- [EXERCISE MATERIALS]:
Lemma opnorm_conj_change n (A X V V' : 'M[C]_n) eps eta h :
  unitary V -> unitary V' -> opnorm_le (V - 1%:M) eta -> opnorm_le (V' - 1%:M) eta ->
  0 <= eta -> 0 <= h -> opnorm_le X h -> opnorm_le (A - V *m X *m adj V) eps ->
  opnorm_le (A - V' *m X *m adj V') (eps + 4%:R * eta * h).
Proof.
move=> V_unitary V'_unitary V_near1 V'_near1 eta_ge0 h_ge0 X_le A_le.
set a := V *m X *m adj V; set b := V' *m X *m adj V'.
have -> : A - b = (A - a) + ((a - X) - (b - X)).
  by rewrite opprB (addrA (a - X)) subrK addrA subrK.
have -> : eps + 4%:R * eta * h = eps + (2%:R * eta * h + 2%:R * eta * h) by ring.
by apply/opnormD/opnormD/opnormN => //; apply: opnorm_conj_sub.
Qed.

End Norms.

Section Projections.
Variable R : rcfType.
Local Notation C := (R[i]).

Lemma orth_proj_rdot n (Q : 'M[C]_n) x y : orth_proj Q -> rdot (Q *m x) y = rdot x (Q *m y).
Proof. by case=> _ Q_herm; rewrite rdot_adjl Q_herm. Qed.

Lemma orth_proj_compl n (Q : 'M[C]_n) : orth_proj Q -> orth_proj (1%:M - Q).
Proof.
case=> QQ Q_herm; split; last by rewrite adjB adj1 Q_herm.
by rewrite mulmxBl mul1mx mulmxBr mulmx1 QQ subrr subr0.
Qed.

Lemma orth_proj_tensmx m n (A : 'M[C]_m) (B : 'M[C]_n) :
  orth_proj A -> orth_proj B -> orth_proj (A *t B).
Proof. by case=> AA A_herm [BB B_herm]; split; rewrite ?tensmx_mul ?AA ?BB // adj_tensmx A_herm B_herm. Qed.

Lemma orth_proj1 n : orth_proj (1%:M : 'M[C]_n).
Proof. by split; rewrite ?mulmx1 ?adj1. Qed.

Lemma orth_proj_conj n (Q U : 'M[C]_n) : orth_proj Q -> unitary U ->
  orth_proj (U *m Q *m adj U).
Proof.
case=> QQ Q_herm [U1 _]; split; last by rewrite !adjM adjK Q_herm mulmxA.
by rewrite -!mulmxA (mulmxA (adj U)) U1 mul1mx (mulmxA Q) QQ.
Qed.

Lemma unitary_conj_compl n (Q U : 'M[C]_n) : unitary U ->
  U *m (1%:M - Q) *m adj U = 1%:M - U *m Q *m adj U.
Proof. by case=> _ U2; rewrite mulmxBr mulmx1 mulmxBl U2. Qed.

Lemma mxrank_unitary_conj n (Q U : 'M[C]_n) : unitary U -> \rank (U *m Q *m adj U) = \rank Q.
Proof.
case=> U1 U2; have [Uadj_unit U_unit] := mulmx1_unit U1.
by rewrite mxrankMfree ?row_free_unit // (eqmxMfull Q) ?row_full_unit.
Qed.

Lemma orth_proj_rdot_compl n (Q : 'M[C]_n) x y : orth_proj Q ->
  rdot (Q *m x) ((1%:M - Q) *m y) = 0.
Proof.
move=> Q_proj; rewrite orth_proj_rdot // mulmxA mulmxBr mulmx1 (proj1 Q_proj).
by rewrite subrr mul0mx rdot0r.
Qed.

Lemma sqnorm_proj_compl n (Q : 'M[C]_n) x : orth_proj Q ->
  sqnorm (Q *m x) + sqnorm ((1%:M - Q) *m x) = sqnorm x.
Proof.
move=> Q_proj; have xE : x = Q *m x + (1%:M - Q) *m x.
  by rewrite mulmxBl mul1mx addrC subrK.
by rewrite {3}xE sqnormD orth_proj_rdot_compl // mulr0 addr0.
Qed.

Lemma orth_proj_opnorm n (Q : 'M[C]_n) : orth_proj Q -> opnorm_le Q 1.
Proof.
move=> Q_proj; apply/opnorm_leP => // v; rewrite expr1n mul1r.
by rewrite -(sqnorm_proj_compl v Q_proj) lerDl sqnorm_ge0.
Qed.

End Projections.

Section NearIdentityConjugation.
Variable R : rcfType.
Local Notation C := (R[i]).
Variables (n : nat) (U : 'M[C]_n) (eta : R).
Hypotheses (U_unitary : unitary U) (U_near1 : opnorm_le (U - 1%:M) eta).
Hypotheses (eta_ge0 : 0 <= eta) (eta_lt : eta ^+ 2 < 2%:R).

Local Notation c := (1 - eta ^+ 2 / 2%:R).

Lemma sqnorm_conj_proj_ge (Q : 'M[C]_n) x : orth_proj Q -> Q *m x = x ->
  c ^+ 2 * sqnorm x <= sqnorm (U *m Q *m adj U *m x).
Proof.
move=> Q_proj Qx; set Q' := U *m Q *m adj U.
have Q'_proj : orth_proj Q' by apply: orth_proj_conj.
have Q'U : Q' *m (U *m x) = U *m x.
  by rewrite /Q' -!mulmxA (mulmxA (adj U)) (proj1 U_unitary) mul1mx Qx.
have Ux_x : c * sqnorm x <= rdot (U *m x) x.
  have := proj1 (opnorm_leP _ eta_ge0) U_near1 x.
  by rewrite mulmxBl mul1mx sqnormB sqnorm_unitary //; lra.
(* 0 <= |Q' x - c U x|^2, where Re <Q' x, U x> = Re <U x, x> >= c |x|^2 *)
have := sqnorm_ge0 (Q' *m x - c%:C *: (U *m x)).
rewrite sqnormB sqnormZ sqnormC_real (rdotZr c) (sqnorm_unitary x U_unitary).
rewrite (orth_proj_rdot _ _ Q'_proj) Q'U rdotC.
have c_ge0 : 0 <= c by have := eta_lt; lra.
have := ler_wpM2l c_ge0 Ux_x; nra.
Qed.

Lemma sqnorm_proj_sub_conj_le (P : 'M[C]_n) v : orth_proj P ->
  sqnorm ((P - U *m P *m adj U) *m v) <= (1 - c ^+ 2) * sqnorm v.
Proof.
move=> P_proj; have P'_proj := orth_proj_conj P_proj U_unitary.
have P'_ge x : P *m x = x -> c ^+ 2 * sqnorm x <= sqnorm (U *m P *m adj U *m x).
  exact: sqnorm_conj_proj_ge.
have P'c_ge x : (1%:M - P) *m x = x ->
    c ^+ 2 * sqnorm x <= sqnorm ((1%:M - U *m P *m adj U) *m x).
  by rewrite -unitary_conj_compl //; apply/sqnorm_conj_proj_ge/orth_proj_compl.
move: (U *m P *m adj U) P'_proj P'_ge P'c_ge => P' P'_proj P'_ge P'c_ge.
have vE := sqnorm_proj_compl v P_proj.
set a := P *m v in vE *; set b := (1%:M - P) *m v in vE *.
have -> : (P - P') *m v = (1%:M - P') *m a - P' *m b.
  by rewrite /a /b !mulmxBl !mul1mx mulmxBr !mulmxA opprB addrA subrK.
rewrite sqnormB rdotC orth_proj_rdot_compl // mulr0 subr0.
have Pa : P *m a = a by rewrite /a mulmxA (proj1 P_proj).
have Pb : (1%:M - P) *m b = b by rewrite /b mulmxA (proj1 (orth_proj_compl P_proj)).
have := P'_ge a Pa; have := P'c_ge b Pb.
have := sqnorm_proj_compl a P'_proj; have := sqnorm_proj_compl b P'_proj.
rewrite -vE; move: (c ^+ 2) => k; clearbody a b; lra.
Qed.

Lemma opnorm_proj_sub_conj_lt1 (P : 'M[C]_n) : orth_proj P ->
  opnorm_lt (P - U *m P *m adj U) 1.
Proof.
move=> P_proj; have c_gt0 : 0 < c by have := eta_lt; lra.
have s_ge0 : 0 <= 1 - c ^+ 2 by have := eta_lt; have := sqr_ge0 eta; nra.
exists (Num.sqrt (1 - c ^+ 2)).
  by rewrite -[X in _ < X]sqrtr1 ltr_sqrt ?ltr01 // gtrBl exprn_gt0.
apply/opnorm_leP; first exact: sqrtr_ge0.
by move=> v; rewrite sqr_sqrtr //; apply: sqnorm_proj_sub_conj_le.
Qed.

End NearIdentityConjugation.

Section PrincipalSqrt.
Variable R : rcfType.
Local Notation C := (R[i]).

Lemma psqrt_sqr (z : C) : psqrt z ^+ 2 = z.
Proof. by rewrite /psqrt; case: ifP => _; rewrite ?sqrrN sqrtCK. Qed.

- [EXERCISE PROMPT]: Scan the records for the string "addrA" and show every line that contains it.

- [ANSWER TO THE EXERCISE]:
  by rewrite opprB (addrA (a - X)) subrK addrA subrK.
  by rewrite /a /b !mulmxBl !mul1mx mulmxBr !mulmxA opprB addrA subrK.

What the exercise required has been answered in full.